▶ _TASK DETAILS_:
Of all the entries below, only the lines from the one with "x ^+ 2 = 1 -> x ^+ k = x ^+ odd k." up to and including the one with "Proof. by move=> x2; apply/eqP;" are to be duplicated exactly.
(RECORDS PROVIDED)
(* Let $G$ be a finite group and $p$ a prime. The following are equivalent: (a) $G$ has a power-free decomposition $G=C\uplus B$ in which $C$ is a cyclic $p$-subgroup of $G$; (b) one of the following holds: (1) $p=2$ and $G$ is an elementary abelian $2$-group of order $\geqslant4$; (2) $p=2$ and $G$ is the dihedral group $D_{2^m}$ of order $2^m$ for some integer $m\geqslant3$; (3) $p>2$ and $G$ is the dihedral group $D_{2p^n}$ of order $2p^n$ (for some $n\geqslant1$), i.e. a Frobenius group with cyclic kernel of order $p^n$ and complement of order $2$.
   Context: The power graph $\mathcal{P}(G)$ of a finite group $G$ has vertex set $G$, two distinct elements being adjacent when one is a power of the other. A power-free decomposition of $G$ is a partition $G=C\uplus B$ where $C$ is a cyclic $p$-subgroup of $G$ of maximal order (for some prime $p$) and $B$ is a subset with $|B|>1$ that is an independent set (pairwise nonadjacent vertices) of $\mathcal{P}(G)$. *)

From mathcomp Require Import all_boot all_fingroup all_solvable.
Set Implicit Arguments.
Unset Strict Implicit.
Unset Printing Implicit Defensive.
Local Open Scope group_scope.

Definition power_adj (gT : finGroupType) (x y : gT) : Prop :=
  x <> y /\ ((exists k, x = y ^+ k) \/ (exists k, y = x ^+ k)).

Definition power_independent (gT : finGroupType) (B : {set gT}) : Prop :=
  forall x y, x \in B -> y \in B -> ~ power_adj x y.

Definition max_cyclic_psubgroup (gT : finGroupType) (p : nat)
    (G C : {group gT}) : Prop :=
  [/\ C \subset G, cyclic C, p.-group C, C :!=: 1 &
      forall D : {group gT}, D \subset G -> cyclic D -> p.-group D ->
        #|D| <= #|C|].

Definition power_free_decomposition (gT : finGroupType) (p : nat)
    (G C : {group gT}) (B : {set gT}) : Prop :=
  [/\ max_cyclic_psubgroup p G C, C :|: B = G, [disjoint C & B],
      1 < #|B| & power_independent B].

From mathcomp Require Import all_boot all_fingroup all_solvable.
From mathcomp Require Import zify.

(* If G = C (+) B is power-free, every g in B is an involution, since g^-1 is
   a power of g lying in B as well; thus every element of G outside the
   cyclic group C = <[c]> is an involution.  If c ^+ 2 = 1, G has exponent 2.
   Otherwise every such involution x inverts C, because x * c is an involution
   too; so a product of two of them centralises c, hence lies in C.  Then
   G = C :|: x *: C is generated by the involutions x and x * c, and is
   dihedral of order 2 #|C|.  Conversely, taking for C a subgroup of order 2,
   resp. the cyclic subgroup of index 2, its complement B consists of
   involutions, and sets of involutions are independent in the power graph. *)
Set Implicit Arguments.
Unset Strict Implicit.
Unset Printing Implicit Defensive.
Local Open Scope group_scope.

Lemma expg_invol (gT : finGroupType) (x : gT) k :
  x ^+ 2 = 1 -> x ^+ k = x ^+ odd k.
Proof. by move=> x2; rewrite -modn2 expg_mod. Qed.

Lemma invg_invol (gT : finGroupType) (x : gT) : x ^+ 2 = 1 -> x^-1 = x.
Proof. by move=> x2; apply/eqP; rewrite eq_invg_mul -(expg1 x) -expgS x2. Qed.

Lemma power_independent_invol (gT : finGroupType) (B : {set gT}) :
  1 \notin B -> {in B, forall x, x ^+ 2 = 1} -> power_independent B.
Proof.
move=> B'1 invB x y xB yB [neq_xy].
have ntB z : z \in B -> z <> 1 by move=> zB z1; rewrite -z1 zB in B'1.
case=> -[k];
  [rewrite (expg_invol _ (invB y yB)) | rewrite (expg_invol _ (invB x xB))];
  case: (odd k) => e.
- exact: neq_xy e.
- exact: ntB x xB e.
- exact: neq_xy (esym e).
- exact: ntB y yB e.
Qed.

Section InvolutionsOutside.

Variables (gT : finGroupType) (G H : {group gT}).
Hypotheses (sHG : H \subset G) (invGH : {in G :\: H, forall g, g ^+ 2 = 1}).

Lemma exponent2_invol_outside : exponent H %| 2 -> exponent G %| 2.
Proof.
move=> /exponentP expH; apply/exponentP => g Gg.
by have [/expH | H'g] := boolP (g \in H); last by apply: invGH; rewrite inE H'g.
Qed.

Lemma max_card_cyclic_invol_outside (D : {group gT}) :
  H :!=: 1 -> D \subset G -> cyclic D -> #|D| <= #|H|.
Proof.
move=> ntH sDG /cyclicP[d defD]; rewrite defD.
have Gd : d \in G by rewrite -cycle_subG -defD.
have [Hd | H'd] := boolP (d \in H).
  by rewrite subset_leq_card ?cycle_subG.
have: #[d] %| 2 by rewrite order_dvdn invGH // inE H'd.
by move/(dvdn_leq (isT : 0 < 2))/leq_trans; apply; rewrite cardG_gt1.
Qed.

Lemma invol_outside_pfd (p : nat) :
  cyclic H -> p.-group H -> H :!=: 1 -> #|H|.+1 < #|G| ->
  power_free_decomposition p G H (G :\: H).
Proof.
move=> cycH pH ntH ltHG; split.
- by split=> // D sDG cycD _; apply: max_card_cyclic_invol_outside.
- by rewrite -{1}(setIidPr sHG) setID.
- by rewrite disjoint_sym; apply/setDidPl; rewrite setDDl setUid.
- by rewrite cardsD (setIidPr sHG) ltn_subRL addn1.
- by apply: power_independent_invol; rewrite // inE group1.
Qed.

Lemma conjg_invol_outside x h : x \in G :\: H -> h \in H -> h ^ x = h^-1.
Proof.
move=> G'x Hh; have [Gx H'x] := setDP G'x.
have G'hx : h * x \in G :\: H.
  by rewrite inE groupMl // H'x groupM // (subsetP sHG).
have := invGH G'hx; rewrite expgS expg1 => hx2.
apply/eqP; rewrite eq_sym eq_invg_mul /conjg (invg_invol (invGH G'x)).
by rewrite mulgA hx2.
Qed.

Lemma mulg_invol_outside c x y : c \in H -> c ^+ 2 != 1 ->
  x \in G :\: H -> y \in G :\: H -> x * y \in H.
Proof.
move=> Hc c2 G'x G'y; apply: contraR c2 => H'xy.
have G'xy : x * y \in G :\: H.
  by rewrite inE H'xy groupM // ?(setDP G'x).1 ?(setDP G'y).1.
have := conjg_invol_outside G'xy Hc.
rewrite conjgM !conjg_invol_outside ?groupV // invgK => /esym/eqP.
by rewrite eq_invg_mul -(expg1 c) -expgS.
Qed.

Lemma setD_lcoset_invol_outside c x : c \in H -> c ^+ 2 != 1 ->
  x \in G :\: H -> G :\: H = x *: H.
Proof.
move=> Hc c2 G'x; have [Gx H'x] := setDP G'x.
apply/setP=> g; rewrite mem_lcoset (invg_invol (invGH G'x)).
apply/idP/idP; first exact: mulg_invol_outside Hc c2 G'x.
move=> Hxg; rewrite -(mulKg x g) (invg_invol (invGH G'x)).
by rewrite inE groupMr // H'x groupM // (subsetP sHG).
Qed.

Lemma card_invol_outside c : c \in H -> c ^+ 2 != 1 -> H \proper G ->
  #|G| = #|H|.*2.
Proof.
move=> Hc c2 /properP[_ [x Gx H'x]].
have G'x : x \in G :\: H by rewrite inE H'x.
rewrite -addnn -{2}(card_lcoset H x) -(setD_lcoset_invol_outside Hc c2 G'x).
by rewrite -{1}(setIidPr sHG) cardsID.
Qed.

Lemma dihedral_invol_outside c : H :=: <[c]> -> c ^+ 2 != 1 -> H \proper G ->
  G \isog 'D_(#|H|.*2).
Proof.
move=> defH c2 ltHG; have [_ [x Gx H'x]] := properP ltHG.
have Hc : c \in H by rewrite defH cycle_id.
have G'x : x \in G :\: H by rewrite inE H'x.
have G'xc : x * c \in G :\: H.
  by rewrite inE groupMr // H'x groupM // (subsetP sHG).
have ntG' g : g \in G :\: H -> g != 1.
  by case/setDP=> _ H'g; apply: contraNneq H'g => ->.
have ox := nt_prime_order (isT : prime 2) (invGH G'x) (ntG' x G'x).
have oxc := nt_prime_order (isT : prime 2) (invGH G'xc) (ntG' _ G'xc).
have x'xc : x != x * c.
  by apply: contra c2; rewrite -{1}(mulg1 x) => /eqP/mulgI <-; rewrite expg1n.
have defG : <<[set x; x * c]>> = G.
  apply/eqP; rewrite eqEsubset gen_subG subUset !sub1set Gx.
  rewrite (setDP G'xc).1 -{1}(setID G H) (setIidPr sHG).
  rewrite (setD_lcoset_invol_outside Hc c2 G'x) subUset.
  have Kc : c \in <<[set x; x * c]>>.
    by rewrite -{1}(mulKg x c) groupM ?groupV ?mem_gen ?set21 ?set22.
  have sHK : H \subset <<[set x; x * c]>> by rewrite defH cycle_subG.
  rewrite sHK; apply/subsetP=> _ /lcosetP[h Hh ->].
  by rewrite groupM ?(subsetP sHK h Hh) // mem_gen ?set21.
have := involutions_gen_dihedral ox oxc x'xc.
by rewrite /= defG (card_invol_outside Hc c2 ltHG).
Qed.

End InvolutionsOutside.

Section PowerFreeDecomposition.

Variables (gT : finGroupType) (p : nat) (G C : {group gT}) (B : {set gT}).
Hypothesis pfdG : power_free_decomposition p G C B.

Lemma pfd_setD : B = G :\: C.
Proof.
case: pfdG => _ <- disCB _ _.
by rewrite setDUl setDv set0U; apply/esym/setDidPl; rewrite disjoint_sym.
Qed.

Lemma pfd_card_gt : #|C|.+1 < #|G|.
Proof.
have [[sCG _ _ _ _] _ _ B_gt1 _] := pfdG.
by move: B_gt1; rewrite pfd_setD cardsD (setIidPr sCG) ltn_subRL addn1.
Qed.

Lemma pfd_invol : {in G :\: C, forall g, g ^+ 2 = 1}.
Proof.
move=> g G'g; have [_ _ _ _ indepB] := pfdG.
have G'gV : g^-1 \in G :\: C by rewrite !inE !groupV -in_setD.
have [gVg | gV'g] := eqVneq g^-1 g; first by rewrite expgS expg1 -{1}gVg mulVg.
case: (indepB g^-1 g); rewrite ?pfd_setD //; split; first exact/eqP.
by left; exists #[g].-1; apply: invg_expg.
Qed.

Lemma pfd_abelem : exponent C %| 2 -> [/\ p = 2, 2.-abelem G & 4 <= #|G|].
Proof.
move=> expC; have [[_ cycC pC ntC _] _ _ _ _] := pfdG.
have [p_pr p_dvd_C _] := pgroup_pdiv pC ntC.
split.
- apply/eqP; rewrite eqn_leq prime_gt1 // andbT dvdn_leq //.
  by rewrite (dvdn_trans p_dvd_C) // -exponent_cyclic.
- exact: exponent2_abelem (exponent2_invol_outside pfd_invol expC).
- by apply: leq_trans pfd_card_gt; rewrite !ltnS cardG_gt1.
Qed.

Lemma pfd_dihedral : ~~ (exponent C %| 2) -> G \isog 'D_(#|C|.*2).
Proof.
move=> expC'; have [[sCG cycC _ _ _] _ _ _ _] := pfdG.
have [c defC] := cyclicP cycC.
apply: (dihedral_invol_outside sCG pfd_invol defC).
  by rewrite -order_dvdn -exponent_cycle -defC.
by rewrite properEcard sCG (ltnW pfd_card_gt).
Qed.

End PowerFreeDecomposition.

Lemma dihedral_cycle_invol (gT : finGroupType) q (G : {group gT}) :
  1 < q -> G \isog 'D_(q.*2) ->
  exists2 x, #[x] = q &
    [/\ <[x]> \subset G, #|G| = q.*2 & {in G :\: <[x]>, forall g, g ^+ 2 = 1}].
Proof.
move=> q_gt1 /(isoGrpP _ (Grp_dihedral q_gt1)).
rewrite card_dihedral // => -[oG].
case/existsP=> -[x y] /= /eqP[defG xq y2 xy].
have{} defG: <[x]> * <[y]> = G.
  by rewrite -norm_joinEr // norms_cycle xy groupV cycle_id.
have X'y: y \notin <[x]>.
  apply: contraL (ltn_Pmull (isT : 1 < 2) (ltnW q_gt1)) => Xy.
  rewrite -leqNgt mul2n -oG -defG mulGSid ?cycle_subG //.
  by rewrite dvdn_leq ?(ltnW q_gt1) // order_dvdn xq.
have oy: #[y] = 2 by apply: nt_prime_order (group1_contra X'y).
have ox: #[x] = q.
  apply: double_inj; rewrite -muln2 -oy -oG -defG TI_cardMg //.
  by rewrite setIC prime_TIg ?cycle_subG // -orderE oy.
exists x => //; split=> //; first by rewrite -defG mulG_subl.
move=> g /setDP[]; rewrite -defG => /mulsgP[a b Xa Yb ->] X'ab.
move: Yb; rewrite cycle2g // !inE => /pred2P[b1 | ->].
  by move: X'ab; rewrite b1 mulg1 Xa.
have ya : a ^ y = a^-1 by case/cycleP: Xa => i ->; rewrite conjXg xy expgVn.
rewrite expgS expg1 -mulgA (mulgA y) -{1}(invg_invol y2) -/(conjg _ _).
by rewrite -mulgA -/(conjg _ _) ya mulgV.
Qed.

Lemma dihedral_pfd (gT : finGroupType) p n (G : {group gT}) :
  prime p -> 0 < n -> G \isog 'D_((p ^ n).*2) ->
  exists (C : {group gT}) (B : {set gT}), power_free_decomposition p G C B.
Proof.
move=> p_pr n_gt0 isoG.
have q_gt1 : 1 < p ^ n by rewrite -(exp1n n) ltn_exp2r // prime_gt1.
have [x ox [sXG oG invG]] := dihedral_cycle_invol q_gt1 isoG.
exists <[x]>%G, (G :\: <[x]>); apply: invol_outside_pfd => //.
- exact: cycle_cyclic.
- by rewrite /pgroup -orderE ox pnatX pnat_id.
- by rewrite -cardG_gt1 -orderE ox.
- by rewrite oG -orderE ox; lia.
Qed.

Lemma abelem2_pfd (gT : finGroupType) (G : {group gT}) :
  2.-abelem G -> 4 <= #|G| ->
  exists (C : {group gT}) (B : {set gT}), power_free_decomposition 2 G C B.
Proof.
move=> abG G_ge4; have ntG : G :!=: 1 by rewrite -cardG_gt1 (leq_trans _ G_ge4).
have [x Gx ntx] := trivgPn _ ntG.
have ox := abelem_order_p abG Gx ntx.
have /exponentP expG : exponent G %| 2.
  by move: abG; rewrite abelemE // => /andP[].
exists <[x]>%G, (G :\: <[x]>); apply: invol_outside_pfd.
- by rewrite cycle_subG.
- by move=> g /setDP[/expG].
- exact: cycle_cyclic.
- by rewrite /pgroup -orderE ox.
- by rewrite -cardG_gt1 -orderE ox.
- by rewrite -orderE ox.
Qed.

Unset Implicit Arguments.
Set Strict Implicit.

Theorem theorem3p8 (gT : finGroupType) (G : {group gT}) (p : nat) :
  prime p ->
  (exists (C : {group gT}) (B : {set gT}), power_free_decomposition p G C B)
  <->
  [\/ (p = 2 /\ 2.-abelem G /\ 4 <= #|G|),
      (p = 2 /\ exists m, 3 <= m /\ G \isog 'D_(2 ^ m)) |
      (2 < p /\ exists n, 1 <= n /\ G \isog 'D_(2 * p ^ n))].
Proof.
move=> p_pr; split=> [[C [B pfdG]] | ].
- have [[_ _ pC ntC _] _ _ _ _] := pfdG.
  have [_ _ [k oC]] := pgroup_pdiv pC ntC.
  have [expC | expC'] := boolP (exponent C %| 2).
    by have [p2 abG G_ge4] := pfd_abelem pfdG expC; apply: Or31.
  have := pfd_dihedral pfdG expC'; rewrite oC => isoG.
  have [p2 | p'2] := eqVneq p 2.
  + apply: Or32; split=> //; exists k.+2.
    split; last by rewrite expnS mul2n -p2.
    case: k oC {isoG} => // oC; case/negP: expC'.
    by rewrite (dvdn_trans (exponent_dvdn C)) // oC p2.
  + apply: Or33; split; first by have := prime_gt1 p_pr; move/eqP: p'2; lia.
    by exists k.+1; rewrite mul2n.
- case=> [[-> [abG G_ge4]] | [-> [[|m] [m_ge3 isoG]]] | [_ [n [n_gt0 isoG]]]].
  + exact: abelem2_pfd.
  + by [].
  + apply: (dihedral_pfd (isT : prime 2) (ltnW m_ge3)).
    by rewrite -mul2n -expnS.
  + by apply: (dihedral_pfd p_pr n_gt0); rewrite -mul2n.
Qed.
(End RECORDS PROVIDED)
▶ _EXERCISE RESPONSE_:
  x ^+ 2 = 1 -> x ^+ k = x ^+ odd k.
Proof. by move=> x2; rewrite -modn2 expg_mod. Qed.

Lemma invg_invol (gT : finGroupType) (x : gT) : x ^+ 2 = 1 -> x^-1 = x.
Proof. by move=> x2; apply/eqP; rewrite eq_invg_mul -(expg1 x) -expgS x2. Qed.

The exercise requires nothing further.